Multidrug-resistant S. Typhi is prevalent even nowadays in Indian Subcontinent, Central Asia, and Southeast Asia, occasionally provoking outbreaks. Such multidrug-resistant S. Typhi strains often involve PTs E1 and UVS. In Japan, multidrug-resistant S. Typhi, resistant to five drugs, ampicillin (ABPC), chloramphenicol (CP), tetracycline (TC), streptomycin (SM), and sulfamethoxazole/trimethoprim (ST) have been isolated from travelers returning from Indian Subcontinent and Thailand (Table 4). Few multidrug-resistant S. Paratyphi A organisms have been seen; nevertheless resistant organisms to CP, SM or ST singly are in the increase.

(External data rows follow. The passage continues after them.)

(* Let $\tau>0$ and let $f\in C(\mathbb R\times\mathbb R,\mathbb R)$ satisfy: (1) $f$ is asymptotically $\tau$-periodic in time; (2) $f$ is positively regular; (3) for some $u_0\in\mathbb R$ the solution $\varphi(t,u_0,f)$ of $x'=f(t,x)$, $x(0)=u_0$, is bounded on $\mathbb R_+=[0,\infty)$. Then $\varphi(t,u_0,f)$ is $S$-asymptotically $\tau$-periodic, i.e. $\lim_{t\to+\infty}|\varphi(t+\tau,u_0,f)-\varphi(t,u_0,f)|=0$.
   Context: $C(\mathbb R\times\mathbb R,\mathbb R)$ is the space of continuous functions $\mathbb R\times\mathbb R\to\mathbb R$ with the compact-open topology (uniform convergence on compact sets). For $h\in\mathbb R$, $f^h(t,x):=f(t+h,x)$. $H^+(f)$ denotes the closure in $C(\mathbb R\times\mathbb R,\mathbb R)$ of $\{f^h:\ h\ge 0\}$. $f$ is called positively regular if for every $g\in H^+(f)$ and every $v\in\mathbb R$ the equation $y'=g(t,y)$ has a unique solution $\varphi(t,v,g)$ with $\varphi(0,v,g)=v$, and it is defined on all of $\mathbb R_+$. $f$ is called asymptotically $\tau$-periodic in time if $f=P+R$ with $P,R\in C(\mathbb R\times\mathbb R,\mathbb R)$, $P(t+\tau,x)=P(t,x)$ for all $(t,x)$, and $\lim_{t\to+\infty}R(t,x)=0$ uniformly in $x$ on every compact subset of $\mathbb R$. *)

From Stdlib Require Import Reals.
From Coquelicot Require Import Coquelicot.
Open Scope R_scope.

Definition cont2 (f : R -> R -> R) : Prop :=
  forall t x, continuous (fun p : R * R => f (fst p) (snd p)) (t, x).

(* Membership in H^+(f): closure of {f^h : h >= 0} in C(RxR,R) with the
   compact-open topology (= uniform convergence on compacta).  Every compact
   subset of R x R lies in a square [-r,r]^2, so a basic neighbourhood of g is
   {k : sup_{[-r,r]^2} |k - g| < eps}. *)
Definition in_Hplus (f g : R -> R -> R) : Prop :=
  cont2 g /\
  forall r eps, 0 < eps -> exists h, 0 <= h /\
    forall t x, Rabs t <= r -> Rabs x <= r -> Rabs (f (t + h) x - g t x) < eps.

Definition solution_on (g : R -> R -> R) (v T : R) (phi : R -> R) : Prop :=
  phi 0 = v /\
  filterlim phi (at_right 0) (locally (phi 0)) /\
  forall t, 0 < t < T -> is_derive phi t (g t (phi t)).

Definition solution_Rplus (g : R -> R -> R) (v : R) (phi : R -> R) : Prop :=
  forall T, 0 < T -> solution_on g v T phi.

Definition positively_regular (f : R -> R -> R) : Prop :=
  forall g, in_Hplus f g -> forall v, exists phi,
    solution_Rplus g v phi /\
    forall T psi, 0 < T -> solution_on g v T psi ->
      forall t, 0 <= t < T -> psi t = phi t.

Definition asymp_periodic (tau : R) (f : R -> R -> R) : Prop :=
  exists P Q : R -> R -> R,
    cont2 P /\ cont2 Q /\
    (forall t x, f t x = P t x + Q t x) /\
    (forall t x, P (t + tau) x = P t x) /\
    (forall r eps, 0 < eps -> exists T0, forall t x,
        T0 <= t -> Rabs x <= r -> Rabs (Q t x) < eps).

From Stdlib Require Import Reals Lra Lia ZArith ClassicalEpsilon FunctionalExtensionality.
From Coquelicot Require Import Coquelicot.
From mathcomp Require filter.
Open Scope R_scope.

(* If [phi (t + tau) - phi t >= eps] along times tending to infinity, pass to an
   ultrafilter on these times: their phases modulo [tau] converge to some [s] and [phi]
   converges to some [z].  By continuous dependence on the equation, the solution [Y] of
   the limit equation [y' = P (t + s, y)] with [Y 0 = z] satisfies [Y tau >= z + eps].
   Continuous dependence again gives a neighbourhood of [z] and of the phase [s] from
   which every solution of a late shift of [f] is above [z + eps/2] one period later.
   Solutions of a positively regular equation cannot cross, so [phi], once in that
   neighbourhood, stays above [z + eps/2] at all later times of that phase, although it
   comes back close to [z].  Applied to [-phi], which solves [y' = -f (t, -y)], the same
   argument gives the lower bound.  Limits along ultrafilters replace the extraction of
   convergent subsequences. *)

Record ultrafilter (I : Type) := Ultrafilter {
  almost : (I -> Prop) -> Prop;
  almost_True : almost (fun _ => True);
  almost_and : forall A B, almost A -> almost B -> almost (fun i => A i /\ B i);
  almost_impl : forall A B : I -> Prop, (forall i, A i -> B i) -> almost A -> almost B;
  almost_exists : forall A, almost A -> exists i, A i;
  almost_or_not : forall A, almost A \/ almost (fun i => ~ A i) }.
Arguments almost {I} u A.
Arguments almost_True {I} u.
Arguments almost_and {I} u A B.
Arguments almost_impl {I} u A B.
Arguments almost_exists {I} u A.
Arguments almost_or_not {I} u A.
Lemma sconst0 : sconst (0 : B) = szero B.
Proof. by apply: functional_extensionality => -[]. Qed.

Lemma sopp0 : sopp (szero B) = szero B.
Proof. by apply: functional_extensionality => j; rewrite /sopp oppr0. Qed.

End SeriesArith.

Section Derivation.
Variables (K : fieldType) (B : comAlgType K) (D : B -> B).
Hypothesis hD : is_derivation D.

Lemma derivationD x y : D (x + y) = D x + D y.
Proof. by have [lin _] := hD; rewrite -[x]scale1r lin !scale1r. Qed.

Lemma derivation0 : D 0 = 0.
Proof. by apply: (addIr (D 0)); rewrite add0r -derivationD addr0. Qed.

Lemma derivationZ (a : K) x : D (a *: x) = a *: D x.
Proof. by have [lin _] := hD; rewrite -[a *: x]addr0 lin derivation0 addr0. Qed.

Lemma derivationM x y : D (x * y) = D x * y + x * D y.
Proof. by have [_ leib] := hD; apply: leib. Qed.

Lemma derivation_sum (I : Type) (r : seq I) (P : pred I) (F : I -> B) :
  D (\sum_(i <- r | P i) F i) = \sum_(i <- r | P i) D (F i).
Proof. exact: (big_morph D derivationD derivation0). Qed.

Lemma derivation1 : D 1 = 0.
Proof.
have D11 := derivationM 1 1; rewrite !mulr1 mul1r in D11.
by apply: (addrI (D 1)); rewrite -D11 addr0.
Qed.

Lemma derivation_alg (a : K) : D a%:A = 0.
Proof. by rewrite derivationZ derivation1 scaler0. Qed.

End Derivation.

Section IteratedLeibniz.
Variables (R : pzRingType) (D : R -> R).
Hypotheses (D_add : forall p q, D (p + q) = D p + D q)
  (D_mul : forall p q, D (p * q) = D p * q + p * D q).

Lemma iter_derivation_add n p q : iter n D (p + q) = iter n D p + iter n D q.
Proof. by elim: n => //= n ->; rewrite D_add. Qed.

Lemma iter_derivation_mul n p q : iter n D (p * q) =
  \sum_(i < n.+1) (iter i D p * iter (n - i) D q) *+ 'C(n, i).
Proof.
have D0 : D 0 = 0 by apply: (addIr (D 0)); rewrite -D_add !add0r.
have D_sum := big_morph D D_add D0.
have D_natmul c r : D (r *+ c) = D r *+ c.
  by elim: c => [|c IH]; rewrite ?D0 // !mulrS D_add IH.
elim: n => [|n IHn]; first by rewrite big_ord1 /= mulr1n.
rewrite iterS IHn D_sum.
under eq_bigr do rewrite D_natmul D_mul mulrnDl.
rewrite big_split /= [RHS]big_ord_recl /= bin0.
rewrite [X in _ = _ + X](eq_bigr (fun i : 'I_n.+1 =>
   (iter i.+1 D p * iter (n - i) D q) *+ 'C(n, i) +
   (iter i.+1 D p * iter (n - i) D q) *+ 'C(n, i.+1))); last first.
  by move=> i _; rewrite /bump /= add0n add1n subSS binS mulrnDr addrC.
rewrite big_split /= addrCA; congr (_ + _).
rewrite big_ord_recl /= bin0 [X in _ = _ + X]big_ord_recr /= bin_small //.
rewrite mulr0n addr0.
rewrite subn0; congr (_ + _); apply: eq_bigr => i _.
by rewrite /bump /= add0n add1n; congr (_ * _ *+ _); rewrite -iterS subnSK.
Qed.

End IteratedLeibniz.

Lemma sum_triangle_square (V : zmodType) N (G : nat -> nat -> V) :
  (forall k l, (N <= k + l)%N -> G k l = 0) ->
  \sum_(n < N) \sum_(i < n.+1) G i (n - i)%N = \sum_(k < N) \sum_(l < N) G k l.
Proof.
move=> G0.
transitivity (\sum_(n < N) \sum_(k < N | (k <= n)%N) G k (n - k)%N).
  apply: eq_bigr => n _.
  by rewrite (big_ord_widen N (fun i => G i (n - i)%N)) ?ltn_ord.
under eq_bigr do rewrite big_mkcond.
rewrite exchange_big /=; apply: eq_bigr => k _; rewrite -big_mkcond /=.
rewrite -(big_mkord (fun n => (k <= n)%N) (fun n => G k (n - k)%N)).
rewrite (@big_cat_nat _ _ _ k 0 N) ?(ltnW (ltn_ord k)) //=.
rewrite big_nat_cond big1 ?add0r; last first.
  by move=> i /andP[/andP[_ lt_ik] le_ki]; rewrite leqNgt lt_ik in le_ki.
rewrite -{1}[k : nat]add0n big_addn.
under eq_bigr do rewrite addnK.
rewrite (eq_bigl xpredT); last by move=> i; rewrite leq_addl.
rewrite big_mkord (big_ord_widen N (G k)) ?leq_subr // big_mkcond /=.
apply: eq_bigr => l _; case: ltnP => // le_l.
by rewrite G0 //; move: le_l (ltn_ord k); lia.
Qed.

Typhoid and paratyphoid fever patients until recently used to be treated by dosing with any one of CP, ABPC or ST. As the effects of conventional antibiotics can no longer be expected in association with the increase in multidrug-resistant organisms, fluoroquinolones have recently been used and it is now the first choice in therapy of typhoid and paratyphoid fever. Since roughly 1995, many strains resistant to fluoroquinolones have been reported in foreign countries and S. Typhi and S. Paratyphi A strains with decreased susceptibility to fluoroquinolones (fluoroquinolone-low resistant strain) have already been isolated in Japan. Some cases, whose fever does not break immediately after dosing fluoroquinolones, have been reported in Japan. Strains with decreased susceptibility to fluoroquinolones are such that the minimum inhibitory concentration (MIC) of ciprofloxacin (CPFX) being at 0.125-4.0 g/ml. Although such strains may be judged as "susceptible" in the drug-susceptibility test (MIC4.0 g/ml as "resistant"), they may often be found because of the lack of therapeutic effects. According to the investigation undertaken by the Department of Bacteriology, NIID, S. Typhi and S. Paratyphi A with decreased susceptibility to fluoroquinolones showed a rapid increase from 1998 toward 2000. The strains with decreased susceptibility accounted for 10% of all S. Typhi isolates in 1997, while such organisms increased to 32% in 1999, and 49% in 2000 (Fig. 3) (Hirose, K. et al., Antimicrob. Agents Chemother., 45, 956-958, 2001). Such strains were isolated mostly from travelers returning from India. Fortunately, strains with decreased susceptibility to the third generation cephem drugs have not yet been recognized. Since it is anticipated that S. Typhi and S. Paratyphi A with decreased susceptibility to fluoroquinolones will further increase, it is recommended to monitor strictly the changes in the drug susceptibility from now on. In order to meet the recommendation, isolation of the pathogenic agents from patients is more than ever in need.